Het canoniek recht ontstond in dezelfde tijd als het Romeins recht. Omstreeks 1140 publiceerde een monnik, een zekere Gratianus, zijn Decretum. Dat was een verzameling van rechtsregels, pauselijke beslissingen, besluiten van concilies, e.d. Deze waren door hem voorzien van commentaar. Dit werd de kern van het corpus iuris canonici, het wetboek van de katholieke kerk. Het kerkelijke recht en de kerkelijke rechtspraak waren vooral van belang voor het personen en familierecht en het erfrecht maar ook daarbuiten heeft de kerk invloed gehad op de ontwikkeling van het recht.

Innocentius III

Paus Innocentius III (1179-1180 en 1191-1216) op een fresco uit de dertiende eeuw
(Uit: GP encyclopedie, Amsterdam, 1968/1969)

Personen en familierecht is duidelijk; de kerk speelde een belangrijke rol bij de rites de passage. Zij regelde immers het dopen, het vormsel (bewust lidmaatschap van de kerk, cq. de gemeenschap, dus een soort meerderjarigheid) het huwen en het begraven. Een logisch gevolg was dat daar regels voor gesteld werden en dat die door de regelende instantie gehandhaafd werden. Pas bij de reformatie gaat de burgerlijke overheid zich op grotere schaal met het personen- en familierecht bemoeien.
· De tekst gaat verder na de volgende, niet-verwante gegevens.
(* Let $\theta$ be a positive integer, let $\lambda\in\mathbb{R}\setminus\{0\}$, and let $G$ be a baseline cumulative distribution function. Let $N_1,\dots,N_\theta$ be i.i.d. geometric random variables with $P(N_i=n)=p(1-p)^{n-1}$, $n=1,2,\dots$, for some $p\in(0,1]$. For each $i=1,\dots,\theta$ let $T_{i1},T_{i2},\dots$ be i.i.d. random variables with the Poisson-G distribution, i.e. with survival function $$\bar G^{PG}(t;\lambda)=\frac{e^{-\lambda G(t)}-e^{-\lambda}}{1-e^{-\lambda}},$$ where all the $T_{ij}$ and all the $N_i$ are mutually independent. Put $W_i=\min(T_{i1},\dots,T_{iN_i})$ and $V_i=\max(T_{i1},\dots,T_{iN_i})$. Then: (i) if $0<\alpha\le 1$ and $p=\alpha$, the random variable $\min_{1\le i\le\theta} W_i$ has the $\mathrm{GMOP\text{-}G}(\theta,\alpha,\lambda)$ distribution; (ii) if $\alpha>1$ and $p=1/\alpha$, the random variable $\min_{1\le i\le\theta} V_i$ has the $\mathrm{GMOP\text{-}G}(\theta,\alpha,\lambda)$ distribution.
   Context: The generalized Marshall–Olkin Poisson-G distribution $\mathrm{GMOP\text{-}G}(\theta,\alpha,\lambda)$ with baseline cdf $G$, parameters $\theta>0$, $\alpha>0$ (write $\bar\alpha=1-\alpha$) and $\lambda\in\mathbb{R}\setminus\{0\}$, is the distribution with survival function $$\bar F(t;\theta,\alpha,\lambda)=\left[\frac{\alpha\left(e^{-\lambda G(t)}-e^{-\lambda}\right)}{1-\alpha e^{-\lambda}-\bar\alpha e^{-\lambda G(t)}}\right]^{\theta}.$$ *)

From HB Require Import structures.
From mathcomp Require Import all_boot all_order all_algebra.
From mathcomp Require Import all_classical all_reals all_analysis.
Set Implicit Arguments. Unset Strict Implicit. Unset Printing Implicit Defensive.
Import Order.TTheory GRing.Theory Num.Theory.
Import numFieldNormedType.Exports.
Local Open Scope classical_set_scope.
Local Open Scope ring_scope.

Definition is_cdf (R : realType) (G : R -> R) : Prop :=
  [/\ {homo G : x y / x <= y},
      (forall x, G @ at_right x --> G x),
      G @ -oo --> (0 : R) &
      G @ +oo --> (1 : R)].

Definition mutually_independent d (T : measurableType d) (R : realType)
  (P : probability T R) (I : Type) (F : I -> set (set T)) : Prop :=
  forall (n : nat) (k : 'I_n -> I), injective k ->
  forall E : 'I_n -> set T, (forall m, F (k m) (E m)) ->
  P (\bigcap_(m in [set: 'I_n]) E m) = (\prod_(m < n) P (E m))%E.

Definition events_nat d (T : measurableType d) (X : T -> nat) : set (set T) :=
  [set X @^-1` A | A in [set: set nat]].

Definition events_real d (T : measurableType d) (R : realType) (X : T -> R)
  : set (set T) :=
  [set X @^-1` B | B in [set B : set R | measurable B]].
Bij het erfrecht ligt het iets anders. De Germanen kenden in tegenstelling tot de Romeinen geen testamentair erfrecht. De erflater kon niet voor zijn dood middels een testament of codicil over zijn goederen beschikken; hij kon niet bepaalde personen als erfgenamen aanwijzen en andere uitsluiten. In de middeleeuwen toen het personaliteitsbeginsel heerste, dat wil zeggen dat iedere etnische groep zijn eigen recht had, ook al woonde men in dezelfde plaats, betekende dat de kerk op deze wijze nogal wat inkomsten misliep. Daarom werd een verband gelegd tussen biecht en zieleheil enerzijds en toezeggingen van schenkingen aan de kerk na het overlijden. Het nakomen van deze toezeggingen was een heilige plicht voor de nakomelingen, hoewel er geen rechtsregel was die dat afdwong. Het is daarom niet verwonderlijk dat men tot aan de reformatie zowel voor notarissen als pastoors kon testeren. Zelfs het notariaat is van oorsprong een kerkelijke instelling. En ook hier geldt weer dat wie de regels stelde ook voor de handhaving daarvan kon zorgen(desnoods met steun van de gewapende hand van de wereldlijke overheid).

Een en ander wil niet zeggen dat de kerk het volledige personen-, familie- en erfrecht regelde. Beide partijen waren zowel qua regelgeving als qua rechtspraak nogal eens elkaars concurrenten. Zo kon het zijn dat een kerkelijke rechtbank rechtsprak op basis van romeins recht en een wereldlijke rechtbank op basis van canoniek recht. In beide gevallen kon dat temperende gevolgen hebben voor de uitspraak, waardoor een meer rechtvaardige uitspraak mogelijk was. Dat gebeurde bij de invulling van het begrip 'te goeder trouw'.

Na de reformatie had het canoniek uiteraard afgedaan in Nederland. Voor de kerk is het in zijn middeleeuwse vorm tot 1918 blijven bestaan. In dat jaar is een moderne versie ingevoerd en ook daarna is het nog aan verandering onderhevig. Het kerkelijke recht wordt nog steeds gebruikt in Nederland, maar dan alleen voor interne aangelegenheden, zoals de ontbinding van een rooms katholiek kerkelijk huwelijk.